Below is a listing. Write out exactly its lines between the one holding "i * g (n - i)%N." and the one holding "Definition descents (d", inclusive.

----

(* For integers $d,k\ge0$ let $E'_k(d)=\sum_{i=0}^k\binom{k}{i}E_i(d)(-\tfrac d2)^{k-i}$. Then: (1) for all integers $a,b,k\ge0$, $E'_k(a+b+2)=\sum_{i+j=k}\binom{k}{i}E'_i(a)E'_j(b)$; (2) $\displaystyle\sum_{k\ge0}E'_k(d)\frac{z^k}{k!}=\Bigg(\sum_{t\ge0}\frac{z^{2t}}{4^t(2t+1)!}\Bigg)^{d+2}$; (3) when $d\ge k-1$, $E'_k(d)=\mathbb{E}\big[(\mathcal{X}_d-\tfrac d2)^k\big]$.
   Context: $\mathcal{X}_d$ is the number of descents of a uniformly random permutation of $\{1,\dots,d+1\}$. For each $k\ge0$, $E_k(d)\in\mathbb{Q}[d]$ is the polynomial of degree $k$ determined by $\sum_{k\ge0}\frac{E_k(d)}{k!}z^k=\big(\frac{e^z-1}{z}\big)^{d+2}e^{-z}$; it satisfies $E_k(d)=\mathbb{E}[\mathcal{X}_d^k]$ for all integers $d\ge\max(k-1,0)$. *)

From mathcomp Require Import all_boot all_order all_algebra all_fingroup.
Set Implicit Arguments. Unset Strict Implicit. Unset Printing Implicit Defensive.
Import Order.TTheory GRing.Theory Num.Theory.
Local Open Scope ring_scope.

(* Formal power series over rat, represented by their coefficient sequences. *)
Definition sprod (f g : nat -> rat) (n : nat) : rat :=
  \sum_(i < n.+1) f i * g (n - i)%N.

Definition sone : nat -> rat := fun n => (n == 0%N)%:R.

Definition spow (f : nat -> rat) (m : nat) : nat -> rat := iter m (sprod f) sone.

Definition expm1_div_z : nat -> rat := fun n => 1 / (n.+1)`!%:R.

Definition exp_neg : nat -> rat := fun n => (-1) ^+ n / n`!%:R.

Definition Epoly (k d : nat) : rat :=
  k`!%:R * sprod (spow expm1_div_z (d + 2)) exp_neg k.

Definition Eprime (k d : nat) : rat :=
  \sum_(i < k.+1) 'C(k, i)%:R * Epoly i d * (- (d%:R / 2)) ^+ (k - i).

(* sum_{t>=0} z^{2t} / (4^t (2t+1)!) *)
Definition sinhc_half : nat -> rat := fun n =>
  if odd n then 0 else 1 / ((4 ^ n./2)%:R * (n.+1)`!%:R).

(* number of descents of a permutation s of {0,...,d}:
   positions i < d with s(i) > s(i+1) *)
Definition descents (d : nat) (s : 'S_d.+1) : nat :=
  #|[set i : 'I_d | (nat_of_ord (s (lift ord0 i)) < nat_of_ord (s (widen_ord (leqnSn d) i)))%N]|.

(* E[(X_d - d/2)^k] for X_d = descents of a uniform random permutation of {1..d+1} *)
Definition centered_moment (d k : nat) : rat :=
  (\sum_(s : 'S_d.+1) ((descents s)%:R - d%:R / 2) ^+ k) / (d.+1)`!%:R.

(* Everything is an identity between exponential generating functions, handled
   as polynomials compared modulo [X^N] for [N] large enough.  With
   [U = (e^z - 1)/z], the series of [E_k(d)] is [U^(d+2) e^(-z)], so that of
   [E'_k(d)] is [U^(d+2) e^(-z) e^(-dz/2) = (U e^(-z/2))^(d+2)], and
   [U e^(-z/2) = (e^(z/2) - e^(-z/2))/z] is the series [S] of (2); (1) is the
   coefficient form of [S^(a+b+4) = S^(a+2) S^(b+2)].
   For (3), let [M_n = sum_(s in S_n) e^(des(s) z)].  Inserting the largest
   letter [n] into the [n + 1] slots of a permutation with [D] descents yields
   [D + 1] permutations with [D] descents and [n - D] with [D + 1] descents, so
   [M_(n+1) = (1 + n e^z) M_n + (1 - e^z) M_n'].  The series [n! U^(n+1) e^(-z)]
   obeys the same recursion, and the recursion raises by one the order to which
   two series agree; since [M_0] and [U e^(-z)] agree at order 0, [M_(d+1)] and
   [(d+1)! U^(d+2) e^(-z)] agree up to [z^(d+1)], i.e. [E[X_d^k] = E_k(d)] for
   [k <= d + 1], and (3) follows by expanding [(X_d - d/2)^k]. *)

From mathcomp Require Import all_boot all_order all_algebra all_fingroup.
From mathcomp Require Import ring zify.
Set Implicit Arguments. Unset Strict Implicit. Unset Printing Implicit Defensive.
Import Order.TTheory GRing.Theory Num.Theory.
Local Open Scope ring_scope.

(** * Truncated power series *)

Section TruncatedEquality.
Variable R : nzRingType.
Implicit Types (p q r : {poly R}) (N : nat).

Definition eqmodX N p q := take_poly N p = take_poly N q.

Lemma eqmodXP N p q : eqmodX N p q <-> forall k, (k < N)%N -> p`_k = q`_k.
Proof.
split=> [hpq k hk | hpq].
  by have := congr1 (fun r => r`_k) hpq; rewrite /= !coef_take_poly hk.
by apply/polyP => k; rewrite !coef_take_poly; case: ifP => // /hpq.
Qed.

Lemma eqmodX_refl N p : eqmodX N p p.
Proof. by []. Qed.

Lemma eqmodX_sym N p q : eqmodX N p q -> eqmodX N q p.
Proof. exact: esym. Qed.

Lemma eqmodX_trans N p q r : eqmodX N p q -> eqmodX N q r -> eqmodX N p r.
Proof. exact: etrans. Qed.

Lemma eqmodXW M N p q : (M <= N)%N -> eqmodX N p q -> eqmodX M p q.
Proof.
by move=> hMN /eqmodXP hpq; apply/eqmodXP => k hk; rewrite hpq ?(leq_trans hk).
Qed.

Lemma eqmodXD N p p' q q' :
  eqmodX N p p' -> eqmodX N q q' -> eqmodX N (p + q) (p' + q').
Proof. by move=> hp hq; rewrite /eqmodX !take_polyD hp hq. Qed.

Lemma eqmodXB N p p' q q' :
  eqmodX N p p' -> eqmodX N q q' -> eqmodX N (p - q) (p' - q').
Proof. by move=> hp hq; rewrite /eqmodX !raddfB /= hp hq. Qed.

Lemma eqmodXM N p p' q q' :
  eqmodX N p p' -> eqmodX N q q' -> eqmodX N (p * q) (p' * q').
Proof.
move=> /eqmodXP hp /eqmodXP hq; apply/eqmodXP => k hk; rewrite !coefM.
apply: eq_bigr => i _.
by rewrite hp ?hq // (leq_ltn_trans _ hk) // ?leq_subr // -ltnS.
Qed.

Lemma eqmodXX N p q m : eqmodX N p q -> eqmodX N (p ^+ m) (q ^+ m).
Proof.
by move=> hpq; elim: m => [|m IHm]; rewrite ?expr0 // !exprS; apply: eqmodXM.
Qed.

Lemma eqmodXMn N p q m : eqmodX N p q -> eqmodX N (p *+ m) (q *+ m).
Proof. by move=> hpq; rewrite /eqmodX !raddfMn /= hpq. Qed.

Lemma eqmodX_deriv N p q : eqmodX N p q -> eqmodX N.-1 p^`() q^`().
Proof.
move=> /eqmodXP hpq; apply/eqmodXP => k hk.
by rewrite !coef_deriv hpq // -ltn_predRL.
Qed.

Lemma eqmodX_sum N (I : eqType) (s : seq I) (F G : I -> {poly R}) :
  (forall i, i \in s -> eqmodX N (F i) (G i)) ->
  eqmodX N (\sum_(i <- s) F i) (\sum_(i <- s) G i).
Proof. by move=> hFG; rewrite /eqmodX !take_poly_sum; apply: eq_big_seq. Qed.
(* Consider a normal extremal (with $M=1$) starting at the identity, with covector data $\varphi_i=\psi_i(0)$, $i=1,\dots,4$. Then for all $t\in\mathbb R$: (i) $\psi_4\equiv\varphi_4$, $\psi_3=\varphi_3+\tfrac12\varphi_4x$, $\psi_2=\varphi_2+\tfrac12\varphi_3x+\tfrac16\varphi_4x^2$, $\psi_1=\varphi_1-\tfrac12\varphi_3y-\tfrac16\varphi_4(xy+3z)$, and hence $h_1=\varphi_1-(\varphi_3+\tfrac12\varphi_4x)y-\varphi_4z$, $h_2=\varphi_2+(\varphi_3+\tfrac12\varphi_4x)x$; (ii) a.e. $\dot h_1=-(\varphi_3+\varphi_4x)u_2$, $\dot h_2=(\varphi_3+\varphi_4x)u_1$, and the quantity $\tfrac12(\varphi_3+\varphi_4x(t))^2-\varphi_4h_2(t)$ is constant, equal to $\tfrac12\varphi_3^2-\varphi_2\varphi_4$; (iii) $\varphi_1x(t)+\varphi_2y(t)+\bigl(2\varphi_3+\tfrac12\varphi_4x(t)\bigr)z(t)+3\varphi_4v(t)=t$; (iv) with $\theta(t)$ the angle function, $\theta$ is continuously differentiable and $\varphi_3+\varphi_4x(t)=r^2(\theta(t))\dot\theta(t)$, so $\dot\theta^2=\dfrac{\varphi_3^2+2\varphi_4(r(\theta)\sin\theta-\varphi_2)}{r^4(\theta)}$.
   Context: Let $\mathfrak g$ be the Engel algebra with basis $X,Y,Z,V$, $[X,Y]=Z$, $[X,Z]=V$, all other brackets of basis elements zero; $G$ the corresponding connected simply connected Lie group, with coordinates of the first kind $(x,y,z,v)$ ($\exp(xX+yY+zZ+vV)\leftrightarrow(x,y,z,v)$, identity $=0$). Let $F$ be an arbitrary norm on $\mathbb R^2$, $U=\{u\in\mathbb R^2:F(u)\le1\}$, where $(u_1,u_2)$ is identified with $u_1X(e)+u_2Y(e)$. The left-invariant time-optimal control system is $\dot x=u_1,\ \dot y=u_2,\ \dot z=\tfrac12(xu_2-yu_1),\ \dot v=-\tfrac12(z+\tfrac16xy)u_1+\tfrac1{12}x^2u_2$, with measurable control $u(t)\in U$ and $x(0)=y(0)=z(0)=v(0)=0$. An extremal is a trajectory $(x,y,z,v)(t)$, $t\in\mathbb R$, with control $u(t)$, for which there is a nowhere vanishing absolutely continuous $\psi(t)=(\psi_1,\psi_2,\psi_3,\psi_4)(t)$ satisfying a.e. $\dot\psi_1=\tfrac1{12}\psi_4yu_1-(\tfrac12\psi_3+\tfrac16\psi_4x)u_2$, $\dot\psi_2=(\tfrac12\psi_3+\tfrac1{12}\psi_4x)u_1$, $\dot\psi_3=\tfrac12\psi_4u_1$, $\dot\psi_4=0$, and the maximum condition $h_1(t)u_1(t)+h_2(t)u_2(t)=\max_{u\in U}(h_1(t)u_1+h_2(t)u_2)=M$ for a.e. $t$, where $h_1=\psi_1-\tfrac12\psi_3y-\tfrac1{12}\psi_4xy-\tfrac12\psi_4z$, $h_2=\psi_2+\tfrac12\psi_3x+\tfrac1{12}\psi_4x^2$, and $M\ge0$ is a constant. It is abnormal if $M=0$ and normal if $M>0$; in the normal case $\psi$ is rescaled so that $M=1$. Write $\varphi_i=\psi_i(0)$. Let $F_U(h)=\max_{u\in U}h\cdot u$ and $U^*=\{h:F_U(h)\le1\}$ (polar figure). Let $r(\theta)>0$ be the polar equation of $\partial U^*$, i.e. $F_U(r(\theta)\cos\theta,r(\theta)\sin\theta)=1$. For $M=1$, $(h_1(t),h_2(t))\in\partial U^*$, and $\theta(t)$ denotes a continuous function with $(h_1(t),h_2(t))=r(\theta(t))(\cos\theta(t),\sin\theta(t))$. *)

From Stdlib Require Import Reals Lra.
Open Scope R_scope.

Fixpoint rsum (f : nat -> R) (n : nat) : R :=
  match n with O => 0 | S k => rsum f k + f k end.

Definition negligible (A : R -> Prop) : Prop :=
  forall eps, 0 < eps -> exists a b : nat -> R,
    (forall n, a n <= b n) /\
    (forall t, A t -> exists n, a n < t < b n) /\
    (forall N, rsum (fun n => b n - a n) N < eps).

Definition ae (P : R -> Prop) : Prop := negligible (fun t => ~ P t).
Definition nonempty_sets : seq nat :=
  [seq i <- iota 0 (size Es) | (0 < size (nth [::] Es i))%N].
Definition round_len : nat := size nonempty_sets.
Definition qidx (t : nat) : nat := nth 0 nonempty_sets (t %% round_len).
Definition qround (t : nat) : nat := t %/ round_len.
Definition qedge (t : nat) : option Edge :=
  let E := nth [::] Es (qidx t) in
  if E is x :: _ then Some (nth x E (qround t %% size E)) else None.
Definition qrealized (realized : pred Edge) (t : nat) : bool :=
  if qedge t is Some e then realized e else false.
End Schedule.

Section Oracle.
Context {d : measure_display} {T : measurableType d} {R : realType}.

Definition mutually_independent_bool (P : probability T R) (X : nat -> T -> bool) :=
  forall (I : seq nat) (b : nat -> bool), uniq I ->
    P (\bigcap_(i in [set` I]) [set w | X i w = b i]) =
    \big[*%E/1%E]_(i <- I) P [set w | X i w = b i].

Definition performed (ans : nat -> T -> bool) (t : nat) (w : T) : bool :=
  [forall s : 'I_t, ~~ ans s w].
Definition first_yes (ans : nat -> T -> bool) (t : nat) (w : T) : bool :=
  ans t w && performed ans t w.
Definition num_queries (ans : nat -> T -> bool) (w : T) : \bar R :=
  (\sum_(0 <= t <oo) ((performed ans t w : nat)%:R)%:E)%E.
End Oracle.

From HB Require Import structures.
From mathcomp Require Import all_boot all_order all_algebra.
From mathcomp Require Import all_classical all_reals all_analysis.
From mathcomp Require Import lra measurable_realfun.
Import Order.TTheory GRing.Theory Num.Theory.
Local Open Scope classical_set_scope.
Local Open Scope ring_scope.

(* Let query t ask for a realized edge of E_f and let Q = |E_f| * L, where
   L <= k is the number of queries per round.  The queries t mod Q + i Q all
   ask for that same edge, so they are independent and each is answered "Yes"
   with probability 1 - p.  Query u is performed only if the first
   floor(u / Q) of them were answered "No", an event of probability
   p ^ floor(u / Q); summing over u bounds the expected number of queries by
   Q / (1 - p) <= 2 Q <= 2 k |E_f|.  The same events show that the probability
   of never getting a "Yes" is at most p ^ n for every n, hence 0. *)

Section Schedule.
Local Set Implicit Arguments.
Local Unset Strict Implicit.
Context {Edge : eqType} (Es : seq (seq Edge)).

Definition query_period (t : nat) : nat :=
  size (nth [::] Es (qidx Es t)) * round_len Es.

Lemma round_len_le_size : (round_len Es <= size Es)%N.
Proof. by rewrite /round_len size_filter (leq_trans (count_size _ _)) ?size_iota. Qed.

Lemma round_len_gt0 i : nth [::] Es i != [::] -> (0 < round_len Es)%N.
Proof.
move=> Ei_neq0; have i_lt : (i < size Es)%N.
  by apply: contraNT Ei_neq0; rewrite -leqNgt => /(nth_default [::]) ->.
rewrite /round_len size_filter -has_count; apply/hasP; exists i.
  by rewrite mem_iota.
by rewrite lt0n size_eq0.
Qed.

Lemma qedge_eq_mod t1 t2 :
  t1 = t2 %[mod query_period t2] -> qedge Es t1 = qedge Es t2.
Proof.
rewrite /query_period /qedge => eq_t.
have eq_idx : qidx Es t1 = qidx Es t2.
  have dvd_L := dvdn_mull (size (nth [::] Es (qidx Es t2))) (dvdnn (round_len Es)).
  by rewrite /qidx -(modn_dvdm t1 dvd_L) -(modn_dvdm t2 dvd_L) eq_t.
rewrite eq_idx; move: eq_t; case: (nth [::] Es (qidx Es t2)) => [//|x E] eq_t.
by rewrite /qround !modn_divl eq_t.
Qed.

Lemma qrealized_edge (realized : pred Edge) t :
  qrealized Es realized t -> exists2 e, qedge Es t = Some e & realized e.
Proof. by rewrite /qrealized; case: qedge => [e|//]; exists e. Qed.

Lemma qrealized_period_gt0 (realized : pred Edge) t :
  qrealized Es realized t -> (0 < query_period t)%N.
Proof.
rewrite /qrealized /qedge /query_period.
case Et: (nth [::] Es (qidx Es t)) => [//|x E] _.
by rewrite muln_gt0 /= (@round_len_gt0 (qidx Es t)) ?Et.
Qed.

Lemma qrealized_period (realized : pred Edge) t i :
  qrealized Es realized t ->
  qrealized Es realized (t %% query_period t + i * query_period t).
Proof. by rewrite /qrealized (@qedge_eq_mod _ t) // addnC modnMDl modn_mod. Qed.

Lemma exists_qrealized (realized : pred Edge) :
  has (fun E => has realized E) Es -> exists t, qrealized Es realized t.
Proof.
move=> /hasP [E E_in /hasP [e e_in realized_e]].
have [j j_lt Ej] : exists2 j, (j < size Es)%N & nth [::] Es j = E.
  by exists (index E Es); [rewrite index_mem | rewrite nth_index].
have j_in : j \in nonempty_sets Es.
  by rewrite mem_filter Ej mem_iota /= j_lt andbT; case: E e_in {E_in Ej}.
set pos := index j (nonempty_sets Es).
have pos_lt : (pos < round_len Es)%N by rewrite index_mem.
exists (index e E * round_len Es + pos)%N.
rewrite /qrealized /qedge /qidx /qround modnMDl modn_small // nth_index //.
rewrite divnMDl ?(leq_ltn_trans _ pos_lt) // divn_small // addn0 Ej.
case: E e_in {E_in Ej j_in} => [//|x E] e_in.
by rewrite modn_small ?index_mem // nth_index.
Qed.
(* Let $\Lambda>1$. Then there exists at most one solution, modulo translations in $z$, of \[ -v_1''+v_1^3-v_1+\Lambda v_2^2v_1=0,\qquad -v_2''+v_2^3-v_2+\Lambda v_1^2v_2=0,\qquad z\in\mathbb{R}, \] \[ (v_1,v_2)\to(0,1)\ \text{as } z\to-\infty,\qquad (v_1,v_2)\to(1,0)\ \text{as } z\to+\infty, \] such that both $v_1$ and $v_2$ are positive and at least one of $v_1,v_2$ is strictly monotone on $\mathbb{R}$. *)

From Stdlib Require Import Reals.
From Coquelicot Require Import Coquelicot.
Open Scope R_scope.

Definition twice_derivable (f : R -> R) : Prop :=
  forall z, ex_derive f z /\ ex_derive (Derive f) z.

Definition is_system_solution (L : R) (v1 v2 : R -> R) : Prop :=
  twice_derivable v1 /\ twice_derivable v2 /\
  (forall z, - Derive_n v1 2 z + v1 z ^ 3 - v1 z + L * v2 z ^ 2 * v1 z = 0) /\
  (forall z, - Derive_n v2 2 z + v2 z ^ 3 - v2 z + L * v1 z ^ 2 * v2 z = 0).

Definition has_boundary_conditions (v1 v2 : R -> R) : Prop :=
  is_lim v1 m_infty 0 /\ is_lim v2 m_infty 1 /\
  is_lim v1 p_infty 1 /\ is_lim v2 p_infty 0.

Definition strictly_monotone (f : R -> R) : Prop :=
  (forall x y, x < y -> f x < f y) \/ (forall x y, x < y -> f y < f x).

Definition admissible (L : R) (v1 v2 : R -> R) : Prop :=
  is_system_solution L v1 v2 /\ has_boundary_conditions v1 v2 /\
  (forall z, 0 < v1 z) /\ (forall z, 0 < v2 z) /\
  (strictly_monotone v1 \/ strictly_monotone v2).
Definition coupling (m n : nat) (p : 'I_m -> R) (q : 'I_n -> R)
  (P : 'M[R]_(m, n)) : Prop :=
  (forall i j, 0 <= P i j) /\
  (forall i, \sum_(j < n) P i j = p i) /\
  (forall j, \sum_(i < m) P i j = q j).

Definition supp (m n : nat) (P : 'M[R]_(m, n)) : {set 'I_m * 'I_n} :=
  [set ij | P ij.1 ij.2 != 0].

Definition xlnx (x : R) : R := if x == 0 then 0 else x * ln x.

Definition entropy (m n : nat) (A : 'M[R]_(m, n)) : R :=
  - \sum_(i < m) \sum_(j < n) xlnx (A i j).

(* partial sums F_{sigma p}(i) = sum_{k <= i} p_{sigma(k)}, 1 <= i < m
   (0-indexed: sum over k < i for i = 1..m-1) *)
Definition partial_sums (m : nat) (p : 'I_m -> R) (s : 'S_m) : seq R :=
  [seq \sum_(k < m | (k < i)%N) p (s k) | i <- iota 1 m.-1].

Definition kappa (m n : nat) (p : 'I_m -> R) (q : 'I_n -> R) : nat :=
  (\max_(s : 'S_m) \max_(t : 'S_n)
     size (undup [seq x <- partial_sums p s | x \in partial_sums q t]))%N + 1.

Definition move2x2 (m n : nat) (P : 'M[R]_(m, n)) (i1 i2 : 'I_m) (j1 j2 : 'I_n)
  : 'M[R]_(m, n) :=
  let b := Num.min (P i1 j2) (P i2 j1) in
  \matrix_(i, j)
    if (i == i1) && (j == j1) then P i j + b
    else if (i == i2) && (j == j2) then P i j + b
    else if (i == i1) && (j == j2) then P i j - b
    else if (i == i2) && (j == j1) then P i j - b
    else P i j.

Definition moveM1 (m n : nat) (P P' : 'M[R]_(m, n)) : Prop :=
  exists (i1 i2 : 'I_m) (j1 j2 : 'I_n), i1 != i2 /\ j1 != j2 /\
    Num.max (P i1 j2) (P i2 j1) <= Num.max (P i1 j1) (P i2 j2) /\
    P' = move2x2 P i1 i2 j1 j2.

Definition moveM2 (m n : nat) (P P' : 'M[R]_(m, n)) : Prop :=
  exists (i1 i2 : 'I_m) (j1 j2 : 'I_n), i1 != i2 /\ j1 != j2 /\
    P i2 j1 + P i2 j2 <= P i1 j1 + P i1 j2 /\
    P i1 j2 + P i2 j2 <= P i1 j1 + P i2 j1 /\
    P i2 j1 <= P i1 j2 /\
    P' = move2x2 P i1 i2 j1 j2.

(* move (M3): rows i1,i2, columns J 0 (= j_1), J 1, ..., J r.+1 (r+2 >= 2) *)
Definition moveM3 (m n : nat) (P P' : 'M[R]_(m, n)) : Prop :=
  exists (i1 i2 : 'I_m) (r : nat) (J : 'I_r.+2 -> 'I_n),
    i1 != i2 /\ injective J /\
    (forall k : 'I_r.+2, k != ord0 -> P i2 (J k) = 0) /\
    let S1 := \sum_(k < r.+2) P i1 (J k) in
    let S2 := \sum_(k < r.+2 | k != ord0) P i1 (J k) in
    S2 <= P i2 (J ord0) /\ P i2 (J ord0) <= S1 /\
    P' = \matrix_(i, j)
           if i == i1 then
             (if j == J ord0 then S1
              else if j \in codom J then 0 else P i j)
           else if i == i2 then
             (if j == J ord0 then P i2 (J ord0) - S2
              else if j \in codom J then P i1 j else P i j)
           else P i j.

Definition move_rows (m n : nat) (P P' : 'M[R]_(m, n)) : Prop :=
  moveM1 P P' \/ moveM2 P P' \/ moveM3 P P'.

Definition move (m n : nat) (P P' : 'M[R]_(m, n)) : Prop :=
  move_rows P P' \/ move_rows P^T P'^T.

Definition local_optimal (m n : nat) (P : 'M[R]_(m, n)) : Prop :=
  forall P' : 'M[R]_(m, n), move P P' -> ~ (entropy P' < entropy P).

End Defs.

From HB Require Import structures.
From mathcomp Require Import all_boot all_order all_algebra all_fingroup.
From mathcomp Require Import reals exp.
From mathcomp Require Import lra zify.
Import Order.TTheory GRing.Theory Num.Theory.
Local Open Scope ring_scope.

(* If an entry of V(P) is at least as large as some other entry of V(P) in its
   row and some other entry of V(P) in its column, the (M1) move on the 2x2
   block they span strictly lowers the entropy, by convexity of x log x.  So in
   a local optimum the largest entry of V(P) is alone in its row or in its
   column; deleting it and inducting gives |V(P)| < (number of rows met by V(P))
   + (number of columns met by V(P)) <= m + n.

   For the lower bound, V(P) is the edge set of a bipartite graph on the rows
   and columns, which has c >= m + n - |V(P)| connected components.  As p and q
   are positive, every component contains rows and columns, and it carries the
   same p-mass as q-mass.  Listing rows and columns component by component, the
   masses of the first K components, 0 < K < c, are c - 1 distinct common
   partial sums of p and of q, whence c <= kappa(p, q). *)

Section XLogX.
Variable R : realType.
Implicit Types a c t u v w x y z : R.

Lemma ln_lt_subr1 x : 0 < x -> x != 1 -> ln x < x - 1.
Proof.
move=> x0 x1; rewrite -ltr_expR lnK ?posrE //.
by have := @expR_gt1Dx R (x - 1); rewrite subr_eq0 addrC subrK; apply.
Qed.

Lemma mul_lnB_lt {u v} : 0 < u -> 0 < v -> u != v -> v * (ln u - ln v) < u - v.
Proof.
move=> u0 v0 uv; have v_neq0 := lt0r_neq0 v0.
have -> : u - v = v * (u / v - 1) by rewrite mulrBr mulr1 mulrCA divff ?mulr1.
rewrite -ln_div ?posrE // ltr_pM2l //; apply: ln_lt_subr1; first exact: divr_gt0.
by apply: contra uv => /eqP uv1; rewrite -[u](divfK v_neq0) uv1 mul1r.
Qed.

Lemma mul_lnB_le {u v} : 0 < u -> 0 < v -> v * (ln u - ln v) <= u - v.
Proof.
move=> u0 v0; have [->|uv] := eqVneq u v; first by rewrite !subrr mulr0.
exact/ltW/mul_lnB_lt.
Qed.

Lemma xlnx0 : xlnx (0 : R) = 0.
Proof. by rewrite /xlnx eqxx. Qed.

Lemma xlnxE x : 0 < x -> xlnx x = x * ln x.
Proof. by move=> x0; rewrite /xlnx gt_eqF. Qed.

----

ANSWER FOR THIS EXERCISE:
  \sum_(i < n.+1) f i * g (n - i)%N.

Definition sone : nat -> rat := fun n => (n == 0%N)%:R.

Definition spow (f : nat -> rat) (m : nat) : nat -> rat := iter m (sprod f) sone.

Definition expm1_div_z : nat -> rat := fun n => 1 / (n.+1)`!%:R.

Definition exp_neg : nat -> rat := fun n => (-1) ^+ n / n`!%:R.

Definition Epoly (k d : nat) : rat :=
  k`!%:R * sprod (spow expm1_div_z (d + 2)) exp_neg k.

Definition Eprime (k d : nat) : rat :=
  \sum_(i < k.+1) 'C(k, i)%:R * Epoly i d * (- (d%:R / 2)) ^+ (k - i).

(* sum_{t>=0} z^{2t} / (4^t (2t+1)!) *)
Definition sinhc_half : nat -> rat := fun n =>
  if odd n then 0 else 1 / ((4 ^ n./2)%:R * (n.+1)`!%:R).

(* number of descents of a permutation s of {0,...,d}:
   positions i < d with s(i) > s(i+1) *)
Definition descents (d : nat) (s : 'S_d.+1) : nat :=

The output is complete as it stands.